DIRECTIONS:
Only a number is wanted here: the count of lines in the entries below that contain the word "finType".

Collected data:

Segment Open

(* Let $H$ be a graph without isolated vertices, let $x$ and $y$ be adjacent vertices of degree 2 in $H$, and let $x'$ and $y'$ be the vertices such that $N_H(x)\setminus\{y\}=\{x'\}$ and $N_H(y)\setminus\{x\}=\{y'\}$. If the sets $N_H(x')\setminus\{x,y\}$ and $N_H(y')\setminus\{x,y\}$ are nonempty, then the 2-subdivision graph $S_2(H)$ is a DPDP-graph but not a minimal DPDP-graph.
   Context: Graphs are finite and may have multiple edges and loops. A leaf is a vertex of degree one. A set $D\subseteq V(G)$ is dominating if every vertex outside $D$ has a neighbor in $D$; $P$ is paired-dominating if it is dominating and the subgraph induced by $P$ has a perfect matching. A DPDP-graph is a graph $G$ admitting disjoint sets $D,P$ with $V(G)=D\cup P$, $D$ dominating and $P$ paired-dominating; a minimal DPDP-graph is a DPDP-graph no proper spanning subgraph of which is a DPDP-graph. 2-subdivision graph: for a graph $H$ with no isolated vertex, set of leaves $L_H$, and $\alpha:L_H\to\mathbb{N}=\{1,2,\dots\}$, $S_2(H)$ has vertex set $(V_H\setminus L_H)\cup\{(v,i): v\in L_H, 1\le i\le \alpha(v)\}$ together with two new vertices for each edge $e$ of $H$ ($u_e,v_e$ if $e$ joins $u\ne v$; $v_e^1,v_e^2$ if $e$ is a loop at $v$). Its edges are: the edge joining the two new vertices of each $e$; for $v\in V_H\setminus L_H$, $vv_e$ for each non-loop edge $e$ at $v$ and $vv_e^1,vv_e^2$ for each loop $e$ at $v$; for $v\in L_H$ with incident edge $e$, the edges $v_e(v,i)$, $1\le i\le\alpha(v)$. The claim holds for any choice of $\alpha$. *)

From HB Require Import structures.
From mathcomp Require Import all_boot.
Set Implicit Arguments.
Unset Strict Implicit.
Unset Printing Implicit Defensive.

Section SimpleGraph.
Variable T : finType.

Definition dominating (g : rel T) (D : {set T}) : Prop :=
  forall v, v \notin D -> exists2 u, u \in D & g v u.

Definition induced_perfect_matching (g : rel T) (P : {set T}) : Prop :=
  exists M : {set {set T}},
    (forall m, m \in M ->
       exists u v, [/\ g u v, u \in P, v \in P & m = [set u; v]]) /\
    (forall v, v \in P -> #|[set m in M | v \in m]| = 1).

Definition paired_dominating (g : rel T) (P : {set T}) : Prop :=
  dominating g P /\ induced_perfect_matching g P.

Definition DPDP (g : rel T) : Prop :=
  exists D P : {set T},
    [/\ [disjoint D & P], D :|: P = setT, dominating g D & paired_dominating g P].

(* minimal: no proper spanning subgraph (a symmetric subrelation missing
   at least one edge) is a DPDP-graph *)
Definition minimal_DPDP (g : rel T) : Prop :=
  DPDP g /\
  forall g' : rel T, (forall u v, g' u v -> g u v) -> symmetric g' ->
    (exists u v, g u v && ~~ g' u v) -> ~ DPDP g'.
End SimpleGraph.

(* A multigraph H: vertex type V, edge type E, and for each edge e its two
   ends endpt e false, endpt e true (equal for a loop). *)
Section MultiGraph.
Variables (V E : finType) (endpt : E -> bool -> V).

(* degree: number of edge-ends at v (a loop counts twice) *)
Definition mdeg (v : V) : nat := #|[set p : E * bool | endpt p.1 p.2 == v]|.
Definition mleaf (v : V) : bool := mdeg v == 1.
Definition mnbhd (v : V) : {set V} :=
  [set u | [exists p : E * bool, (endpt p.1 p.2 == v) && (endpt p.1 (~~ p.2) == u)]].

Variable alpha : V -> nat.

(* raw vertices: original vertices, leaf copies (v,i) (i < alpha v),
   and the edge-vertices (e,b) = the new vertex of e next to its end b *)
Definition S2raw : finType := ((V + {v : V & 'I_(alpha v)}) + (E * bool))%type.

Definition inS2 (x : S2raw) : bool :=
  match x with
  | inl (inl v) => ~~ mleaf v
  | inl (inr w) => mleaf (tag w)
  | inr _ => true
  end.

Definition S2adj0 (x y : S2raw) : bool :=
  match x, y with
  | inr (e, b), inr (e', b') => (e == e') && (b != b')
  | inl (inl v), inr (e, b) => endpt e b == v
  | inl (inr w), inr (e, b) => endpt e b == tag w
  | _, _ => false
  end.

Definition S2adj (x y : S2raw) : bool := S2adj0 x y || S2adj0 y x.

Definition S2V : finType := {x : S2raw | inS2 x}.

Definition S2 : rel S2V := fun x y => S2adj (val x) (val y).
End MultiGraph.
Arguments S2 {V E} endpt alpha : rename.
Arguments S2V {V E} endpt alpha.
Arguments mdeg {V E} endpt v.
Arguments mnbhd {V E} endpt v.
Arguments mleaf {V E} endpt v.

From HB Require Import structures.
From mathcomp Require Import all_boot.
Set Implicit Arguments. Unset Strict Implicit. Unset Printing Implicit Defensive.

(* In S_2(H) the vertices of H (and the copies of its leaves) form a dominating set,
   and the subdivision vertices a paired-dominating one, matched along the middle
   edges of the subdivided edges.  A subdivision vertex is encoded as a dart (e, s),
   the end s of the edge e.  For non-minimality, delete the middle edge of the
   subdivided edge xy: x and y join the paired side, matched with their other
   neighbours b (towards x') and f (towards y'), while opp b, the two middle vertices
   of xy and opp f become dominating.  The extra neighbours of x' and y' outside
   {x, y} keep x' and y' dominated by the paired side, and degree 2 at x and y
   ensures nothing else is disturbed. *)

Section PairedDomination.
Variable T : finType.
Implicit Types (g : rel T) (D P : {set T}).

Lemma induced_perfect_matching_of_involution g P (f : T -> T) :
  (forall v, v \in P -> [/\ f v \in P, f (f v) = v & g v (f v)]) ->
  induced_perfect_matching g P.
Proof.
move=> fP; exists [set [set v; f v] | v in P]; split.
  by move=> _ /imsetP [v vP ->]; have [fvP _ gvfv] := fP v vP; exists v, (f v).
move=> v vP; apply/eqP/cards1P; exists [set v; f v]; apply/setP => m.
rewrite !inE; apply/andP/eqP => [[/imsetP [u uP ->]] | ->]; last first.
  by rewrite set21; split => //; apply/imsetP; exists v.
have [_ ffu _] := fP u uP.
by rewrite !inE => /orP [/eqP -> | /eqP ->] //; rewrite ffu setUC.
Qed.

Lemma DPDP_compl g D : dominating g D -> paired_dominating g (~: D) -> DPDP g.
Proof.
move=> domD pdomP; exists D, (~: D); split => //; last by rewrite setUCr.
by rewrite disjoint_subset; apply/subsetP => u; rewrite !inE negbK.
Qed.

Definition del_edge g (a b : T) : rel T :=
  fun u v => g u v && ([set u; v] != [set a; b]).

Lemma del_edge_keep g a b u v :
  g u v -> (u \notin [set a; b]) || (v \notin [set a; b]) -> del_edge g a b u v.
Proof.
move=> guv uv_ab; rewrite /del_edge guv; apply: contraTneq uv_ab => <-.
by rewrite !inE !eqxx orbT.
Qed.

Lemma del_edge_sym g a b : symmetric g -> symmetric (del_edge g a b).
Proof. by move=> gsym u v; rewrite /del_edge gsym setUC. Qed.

Segment Closed
Segment Open

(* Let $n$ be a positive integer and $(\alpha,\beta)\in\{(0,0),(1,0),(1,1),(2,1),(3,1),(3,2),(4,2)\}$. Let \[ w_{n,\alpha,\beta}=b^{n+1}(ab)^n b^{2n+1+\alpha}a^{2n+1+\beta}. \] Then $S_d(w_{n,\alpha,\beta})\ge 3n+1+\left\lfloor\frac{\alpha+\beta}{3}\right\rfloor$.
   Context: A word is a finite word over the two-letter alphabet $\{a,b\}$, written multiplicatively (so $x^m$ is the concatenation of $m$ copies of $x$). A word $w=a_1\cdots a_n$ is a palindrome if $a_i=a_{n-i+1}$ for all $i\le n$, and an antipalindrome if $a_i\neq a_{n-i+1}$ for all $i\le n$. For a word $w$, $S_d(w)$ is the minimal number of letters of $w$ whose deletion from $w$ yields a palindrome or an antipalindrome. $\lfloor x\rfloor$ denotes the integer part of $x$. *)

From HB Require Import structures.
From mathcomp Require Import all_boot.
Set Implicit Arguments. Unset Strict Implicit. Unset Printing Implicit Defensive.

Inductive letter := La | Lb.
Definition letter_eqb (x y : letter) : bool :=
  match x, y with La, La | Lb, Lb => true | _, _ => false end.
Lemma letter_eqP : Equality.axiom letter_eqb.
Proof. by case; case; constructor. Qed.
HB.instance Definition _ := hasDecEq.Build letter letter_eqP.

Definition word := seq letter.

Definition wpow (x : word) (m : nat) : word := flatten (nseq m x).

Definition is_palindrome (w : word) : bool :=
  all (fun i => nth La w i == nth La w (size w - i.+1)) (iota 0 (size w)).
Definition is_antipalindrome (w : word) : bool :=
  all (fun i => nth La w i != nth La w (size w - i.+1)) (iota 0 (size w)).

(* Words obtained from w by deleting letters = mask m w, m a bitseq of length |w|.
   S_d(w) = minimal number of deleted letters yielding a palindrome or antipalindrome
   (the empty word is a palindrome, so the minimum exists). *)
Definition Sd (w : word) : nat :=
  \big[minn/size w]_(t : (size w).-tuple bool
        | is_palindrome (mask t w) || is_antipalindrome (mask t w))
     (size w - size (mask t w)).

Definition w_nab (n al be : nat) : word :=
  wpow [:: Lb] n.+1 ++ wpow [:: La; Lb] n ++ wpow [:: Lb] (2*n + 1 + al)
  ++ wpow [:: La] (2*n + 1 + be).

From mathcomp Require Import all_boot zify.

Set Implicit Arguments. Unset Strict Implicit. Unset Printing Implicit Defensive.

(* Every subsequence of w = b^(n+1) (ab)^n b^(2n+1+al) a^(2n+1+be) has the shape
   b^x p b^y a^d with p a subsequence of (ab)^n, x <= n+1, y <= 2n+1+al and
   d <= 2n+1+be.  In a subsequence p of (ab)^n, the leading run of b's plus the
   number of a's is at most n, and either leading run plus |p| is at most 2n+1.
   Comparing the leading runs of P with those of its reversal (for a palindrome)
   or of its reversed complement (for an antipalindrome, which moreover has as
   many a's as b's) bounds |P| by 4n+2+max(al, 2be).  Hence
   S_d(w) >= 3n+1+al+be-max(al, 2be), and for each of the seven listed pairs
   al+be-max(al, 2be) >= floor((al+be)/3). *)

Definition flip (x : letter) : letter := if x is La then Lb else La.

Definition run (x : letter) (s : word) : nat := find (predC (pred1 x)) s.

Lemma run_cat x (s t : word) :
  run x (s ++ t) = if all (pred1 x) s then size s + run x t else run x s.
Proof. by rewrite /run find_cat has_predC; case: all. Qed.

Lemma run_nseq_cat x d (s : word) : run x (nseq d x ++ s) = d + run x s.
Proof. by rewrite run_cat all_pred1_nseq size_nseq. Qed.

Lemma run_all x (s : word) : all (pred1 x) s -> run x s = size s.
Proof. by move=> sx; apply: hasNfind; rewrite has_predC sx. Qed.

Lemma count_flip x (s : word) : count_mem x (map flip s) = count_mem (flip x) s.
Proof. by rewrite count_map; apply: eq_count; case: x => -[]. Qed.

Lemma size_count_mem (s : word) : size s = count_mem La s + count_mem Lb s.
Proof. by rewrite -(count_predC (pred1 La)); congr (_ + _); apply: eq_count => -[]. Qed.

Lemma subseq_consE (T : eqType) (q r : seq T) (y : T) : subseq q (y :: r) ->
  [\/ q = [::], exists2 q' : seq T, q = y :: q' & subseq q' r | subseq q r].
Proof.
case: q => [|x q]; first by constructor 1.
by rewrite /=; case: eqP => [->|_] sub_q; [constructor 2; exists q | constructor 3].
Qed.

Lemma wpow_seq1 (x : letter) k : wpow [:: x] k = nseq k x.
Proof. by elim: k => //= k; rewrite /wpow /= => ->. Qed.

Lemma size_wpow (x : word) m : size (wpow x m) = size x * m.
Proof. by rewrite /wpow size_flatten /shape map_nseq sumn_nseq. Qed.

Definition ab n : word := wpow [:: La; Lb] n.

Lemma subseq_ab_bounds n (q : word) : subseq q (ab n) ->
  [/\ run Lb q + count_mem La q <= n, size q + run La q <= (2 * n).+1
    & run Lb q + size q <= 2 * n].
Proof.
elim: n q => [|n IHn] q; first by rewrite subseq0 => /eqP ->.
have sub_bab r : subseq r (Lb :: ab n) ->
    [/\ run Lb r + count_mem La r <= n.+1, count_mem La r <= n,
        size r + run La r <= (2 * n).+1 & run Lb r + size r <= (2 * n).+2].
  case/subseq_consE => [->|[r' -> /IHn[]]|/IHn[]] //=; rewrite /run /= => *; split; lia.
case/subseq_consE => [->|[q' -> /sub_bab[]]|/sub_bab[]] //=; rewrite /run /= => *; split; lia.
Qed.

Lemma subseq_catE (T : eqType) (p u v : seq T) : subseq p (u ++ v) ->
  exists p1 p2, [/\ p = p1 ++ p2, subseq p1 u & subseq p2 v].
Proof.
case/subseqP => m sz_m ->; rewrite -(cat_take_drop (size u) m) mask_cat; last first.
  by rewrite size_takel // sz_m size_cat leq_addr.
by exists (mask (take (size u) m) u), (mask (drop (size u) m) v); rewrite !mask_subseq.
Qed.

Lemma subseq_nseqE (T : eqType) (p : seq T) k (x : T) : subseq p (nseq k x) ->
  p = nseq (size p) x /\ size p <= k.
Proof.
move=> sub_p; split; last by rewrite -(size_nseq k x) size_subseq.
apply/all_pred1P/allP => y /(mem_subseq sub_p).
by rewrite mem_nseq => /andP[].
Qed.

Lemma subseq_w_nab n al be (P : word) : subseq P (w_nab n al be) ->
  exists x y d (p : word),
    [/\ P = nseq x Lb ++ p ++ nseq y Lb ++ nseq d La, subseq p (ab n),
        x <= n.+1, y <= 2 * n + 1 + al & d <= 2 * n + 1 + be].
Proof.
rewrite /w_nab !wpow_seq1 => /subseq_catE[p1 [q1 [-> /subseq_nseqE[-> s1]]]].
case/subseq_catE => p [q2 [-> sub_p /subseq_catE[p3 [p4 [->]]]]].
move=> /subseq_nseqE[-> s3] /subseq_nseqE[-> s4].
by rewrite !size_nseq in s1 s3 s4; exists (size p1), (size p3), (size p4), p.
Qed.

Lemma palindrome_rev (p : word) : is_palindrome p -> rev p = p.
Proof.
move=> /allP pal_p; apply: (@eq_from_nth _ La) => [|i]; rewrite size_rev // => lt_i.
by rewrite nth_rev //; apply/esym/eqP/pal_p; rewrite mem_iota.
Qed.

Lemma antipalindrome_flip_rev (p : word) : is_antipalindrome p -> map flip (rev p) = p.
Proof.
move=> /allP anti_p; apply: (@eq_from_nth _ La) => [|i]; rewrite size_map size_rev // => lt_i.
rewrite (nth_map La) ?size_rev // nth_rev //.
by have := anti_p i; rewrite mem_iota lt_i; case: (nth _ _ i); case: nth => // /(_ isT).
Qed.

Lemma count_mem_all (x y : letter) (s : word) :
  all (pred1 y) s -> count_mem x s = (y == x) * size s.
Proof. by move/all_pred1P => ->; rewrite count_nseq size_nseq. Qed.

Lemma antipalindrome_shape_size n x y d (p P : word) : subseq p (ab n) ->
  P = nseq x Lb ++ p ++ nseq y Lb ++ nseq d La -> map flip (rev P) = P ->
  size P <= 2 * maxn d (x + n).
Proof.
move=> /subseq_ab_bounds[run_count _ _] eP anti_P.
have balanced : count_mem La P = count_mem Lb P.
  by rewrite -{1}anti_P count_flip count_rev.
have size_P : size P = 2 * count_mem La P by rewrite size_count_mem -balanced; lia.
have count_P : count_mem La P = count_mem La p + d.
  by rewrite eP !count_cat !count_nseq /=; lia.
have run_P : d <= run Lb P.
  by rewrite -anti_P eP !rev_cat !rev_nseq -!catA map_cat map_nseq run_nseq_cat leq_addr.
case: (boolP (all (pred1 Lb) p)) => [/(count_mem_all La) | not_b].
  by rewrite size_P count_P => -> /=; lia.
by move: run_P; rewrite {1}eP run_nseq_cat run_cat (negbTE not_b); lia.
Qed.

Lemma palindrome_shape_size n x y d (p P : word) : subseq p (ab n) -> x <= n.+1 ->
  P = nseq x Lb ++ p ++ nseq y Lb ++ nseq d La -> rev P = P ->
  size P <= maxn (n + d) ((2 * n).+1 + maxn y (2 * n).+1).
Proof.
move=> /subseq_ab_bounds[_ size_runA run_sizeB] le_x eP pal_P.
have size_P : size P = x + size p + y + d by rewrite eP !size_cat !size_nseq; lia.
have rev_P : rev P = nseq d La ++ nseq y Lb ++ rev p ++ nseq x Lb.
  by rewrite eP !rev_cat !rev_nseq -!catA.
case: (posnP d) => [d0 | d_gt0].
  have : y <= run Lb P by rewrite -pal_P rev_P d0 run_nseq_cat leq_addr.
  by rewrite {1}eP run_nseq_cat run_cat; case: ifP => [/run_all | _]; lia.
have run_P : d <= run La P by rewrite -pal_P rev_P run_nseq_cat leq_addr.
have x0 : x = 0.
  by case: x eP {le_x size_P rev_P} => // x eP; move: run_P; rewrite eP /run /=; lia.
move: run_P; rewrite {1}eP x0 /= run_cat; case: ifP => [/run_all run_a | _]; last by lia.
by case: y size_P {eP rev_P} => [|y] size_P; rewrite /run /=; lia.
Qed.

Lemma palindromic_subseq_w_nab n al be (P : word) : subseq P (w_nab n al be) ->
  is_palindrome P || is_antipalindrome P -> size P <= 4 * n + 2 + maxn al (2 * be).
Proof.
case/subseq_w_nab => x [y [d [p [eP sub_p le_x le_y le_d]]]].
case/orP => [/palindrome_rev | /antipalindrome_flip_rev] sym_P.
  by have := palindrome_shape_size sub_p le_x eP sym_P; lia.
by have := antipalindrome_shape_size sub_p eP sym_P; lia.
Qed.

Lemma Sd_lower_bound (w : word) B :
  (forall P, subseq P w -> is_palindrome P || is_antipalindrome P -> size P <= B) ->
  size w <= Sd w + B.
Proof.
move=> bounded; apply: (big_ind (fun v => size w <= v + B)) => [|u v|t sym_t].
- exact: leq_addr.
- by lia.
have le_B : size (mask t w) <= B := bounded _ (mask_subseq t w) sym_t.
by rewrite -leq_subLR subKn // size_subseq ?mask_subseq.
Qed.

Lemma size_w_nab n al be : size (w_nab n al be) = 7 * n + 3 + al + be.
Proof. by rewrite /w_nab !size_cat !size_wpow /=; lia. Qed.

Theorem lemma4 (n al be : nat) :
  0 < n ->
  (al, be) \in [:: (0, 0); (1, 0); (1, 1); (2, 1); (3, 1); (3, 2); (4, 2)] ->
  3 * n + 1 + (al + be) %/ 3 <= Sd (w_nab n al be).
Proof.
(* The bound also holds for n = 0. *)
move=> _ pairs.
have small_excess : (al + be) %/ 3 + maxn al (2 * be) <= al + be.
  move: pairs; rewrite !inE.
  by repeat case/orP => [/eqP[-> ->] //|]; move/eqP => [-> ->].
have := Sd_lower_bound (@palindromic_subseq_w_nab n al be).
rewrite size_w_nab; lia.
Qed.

Segment Closed

SOLUTION TO THIS EXERCISE:
5